# My Free JD



## cowis (Apr 21, 2010)

So i got this guy from fishfreaks to help lower his bioload. Now the JD is in a 50 gallon and his colours are amazing. Is it common for the red to show like that??


----------



## cichlid (Jul 30, 2010)

I thought you were talking about Jack daniels... But its the other jack haha


----------



## cowis (Apr 21, 2010)

I like both....... I must have a glass of whiskey now.....

more pics:


----------



## m_class2g (Apr 21, 2010)

love the colours. i havent kept any cichlids in a while but theyre very nice! jd was one of the first cichlids ive kept about 12 + years ago.


----------



## beN (Apr 21, 2010)

pete's photography is kick arse also!


----------



## King-eL (Apr 21, 2010)

Very nice JD!!! Might get some for myself too.

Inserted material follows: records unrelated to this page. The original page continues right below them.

(* Let $\pi$ be a uniformizer of $K_P$ and $L/K_P$ a finite extension. The $\pi$-adic $1$-unit character $\langle\cdot\rangle_\pi:K_P^+\to U_P$ extends uniquely to a character $\langle\cdot\rangle_\pi\in\mathbf{S}_L$ (i.e. a character of $L^+$ in $\mathbf{S}_L$ whose restriction to $K_P^+$ is $\langle\cdot\rangle_\pi$) taking values in $U_{\mathbb{C}_P}$.
   Context: $P$ is a closed point of a smooth projective curve over a finite field of characteristic $p$, $K_P$ its completed function field with valuation $v_P$, $\mathbb{C}_P$ the completion of an algebraic closure of $K_P$. For a complete extension $L$, $L^+=L^\times/\mu_L$ ($\mu_L$ = roots of unity in $L$), $U_L$ the $1$-units of $L$, and $U_P=U_{K_P}$. The $\pi$-adic $1$-unit character is $\langle\alpha\rangle_\pi=\alpha/\pi^{v_P(\alpha)}\in U_P$ for $\alpha\in K_P^+$ (well defined on positive numbers). $\mathbf{S}_L$ is the group of homomorphisms $s:L^+\to\mathbb{C}_P^\times$ for which there exists $y(s)\in\mathbb{Z}_p$ with $s(u)=u^{y(s)}$ for all $u\in U_L$. *)

From HB Require Import structures.
From mathcomp Require Import all_boot all_order all_algebra.
From mathcomp Require Import reals.
Set Implicit Arguments. Unset Strict Implicit. Unset Printing Implicit Defensive.
Import Order.TTheory GRing.Theory Num.Theory.
Local Open Scope ring_scope.

Section Defs.
Variables (R : realType) (C : fieldType) (abs : C -> R).

Definition nonarch_abs : Prop :=
  [/\ forall x, 0 <= abs x,
      forall x, abs x = 0 <-> x = 0,
      forall x y, abs (x * y) = abs x * abs y
    & forall x y, abs (x + y) <= Num.max (abs x) (abs y)].

Definition cauchy (u : nat -> C) : Prop :=
  forall e : R, 0 < e -> exists N, forall m n, (N <= m)%N -> (N <= n)%N ->
    abs (u m - u n) < e.

Definition converges_to (u : nat -> C) (l : C) : Prop :=
  forall e : R, 0 < e -> exists N, forall n, (N <= n)%N -> abs (u n - l) < e.

Definition complete_in (S : {pred C}) : Prop :=
  forall u : nat -> C, (forall n, u n \in S) -> cauchy u ->
    exists2 l, l \in S & converges_to u l.

Definition is_subfield (S : {pred C}) : Prop :=
  0 \in S /\ 1 \in S /\
  (forall x y, x \in S -> y \in S -> x + y \in S) /\
  (forall x, x \in S -> - x \in S) /\
  (forall x y, x \in S -> y \in S -> x * y \in S) /\
  (forall x, x \in S -> x != 0 -> x^-1 \in S).

(* K is a local field of characteristic p (a completed function field K_P)
   for abs, with uniformizer pi *)
Definition local_field_with_unif (K : {pred C}) (pi : C) : Prop :=
  is_subfield K /\ complete_in K /\ pi \in K /\ 0 < abs pi /\ abs pi < 1 /\
  (forall x, x \in K -> x != 0 -> exists n : int, abs x = abs pi ^ n) /\
  (* finite residue field *)
  (exists s : seq C, (forall r, r \in s -> (r \in K) /\ abs r <= 1) /\
     forall x, x \in K -> abs x <= 1 -> exists2 r, r \in s & abs (x - r) < 1).

Definition algebraic_over (K : {pred C}) (z : C) : Prop :=
  exists q : {poly C}, [/\ q != 0, q \is a polyOver K & root q z].

(* C is (a model of) the completion of an algebraic closure of K:
   C is complete and the elements algebraic over K are dense in C
   (algebraic closedness of C is part of its type below). *)
Definition completed_alg_closure (K : {pred C}) : Prop :=
  complete_in predT /\
  forall z, exists u : nat -> C, (forall n, algebraic_over K (u n)) /\ converges_to u z.

Definition finite_ext (K L : {pred C}) : Prop :=
  [/\ is_subfield L, {subset K <= L}
    & exists b : seq C, (forall x, x \in b -> x \in L) /\
        forall x, x \in L -> exists k : nat -> C,
          (forall i, k i \in K) /\ x = \sum_(i < size b) k i * b`_i].

Definition root_of_unity_in (S : {pred C}) (z : C) : Prop :=
  z \in S /\ exists n, (0 < n)%N /\ z ^+ n = 1.

Definition one_unit_in (S : {pred C}) (u : C) : Prop :=
  u \in S /\ abs (u - 1) < 1.

(* p-adic integers as compatible residue systems y n in [0, p^n) *)
Definition Zp_elt (p : nat) (y : nat -> nat) : Prop :=
  forall n, (y n < p ^ n)%N /\ (y n.+1 %% p ^ n = y n)%N.

Definition padic_pow_is (u : C) (y : nat -> nat) (w : C) : Prop :=
  converges_to (fun n => u ^+ y n) w.

(* s : C -> C represents a character L^+ = L^x / mu_L -> C^x *)
Definition char_Lplus (L : {pred C}) (s : C -> C) : Prop :=
  [/\ forall x, x \in L -> x != 0 -> s x != 0,
      forall x y, x \in L -> y \in L -> x != 0 -> y != 0 -> s (x * y) = s x * s y
    & forall z, root_of_unity_in L z -> s z = 1].

Definition in_S (p : nat) (L : {pred C}) (s : C -> C) : Prop :=
  char_Lplus L s /\
  exists y, Zp_elt p y /\ forall u, one_unit_in L u -> padic_pow_is u y (s u).

(* s restricted to K^+ is the pi-adic 1-unit character:
   for alpha = pi^n * zeta * u with zeta in mu_K and u in U_K, s alpha = u
   (u = <alpha>_pi, the 1-unit part of alpha / pi^(v_P alpha)) *)
Definition extends_angle (K : {pred C}) (pi : C) (s : C -> C) : Prop :=
  forall (alpha : C) (n : int) (zeta u : C),
    alpha \in K -> root_of_unity_in K zeta -> one_unit_in K u ->
    alpha = pi ^ n * zeta * u -> s alpha = u.

Definition values_in_one_units (L : {pred C}) (s : C -> C) : Prop :=
  forall x, x \in L -> x != 0 -> abs (s x - 1) < 1.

Used to have 8. 3 ebjd and5 regular ones all at 8.5". It just sucks that the ebjds died early.


----------



## EBJD Guy (Jan 28, 2013)

no chance your selling this beauty ?


----------



## monkE (Aug 4, 2010)

great shots peter! awesome colours on that guy for sure!


----------



## Foxtail (Mar 14, 2012)

Beautiful coloring... colored up like a jewel cichlid.


----------



## cowis (Apr 21, 2010)

sorry sold a long time ago.


----------



## monkE (Aug 4, 2010)

lol just saw the date on this! didn't even notice that


----------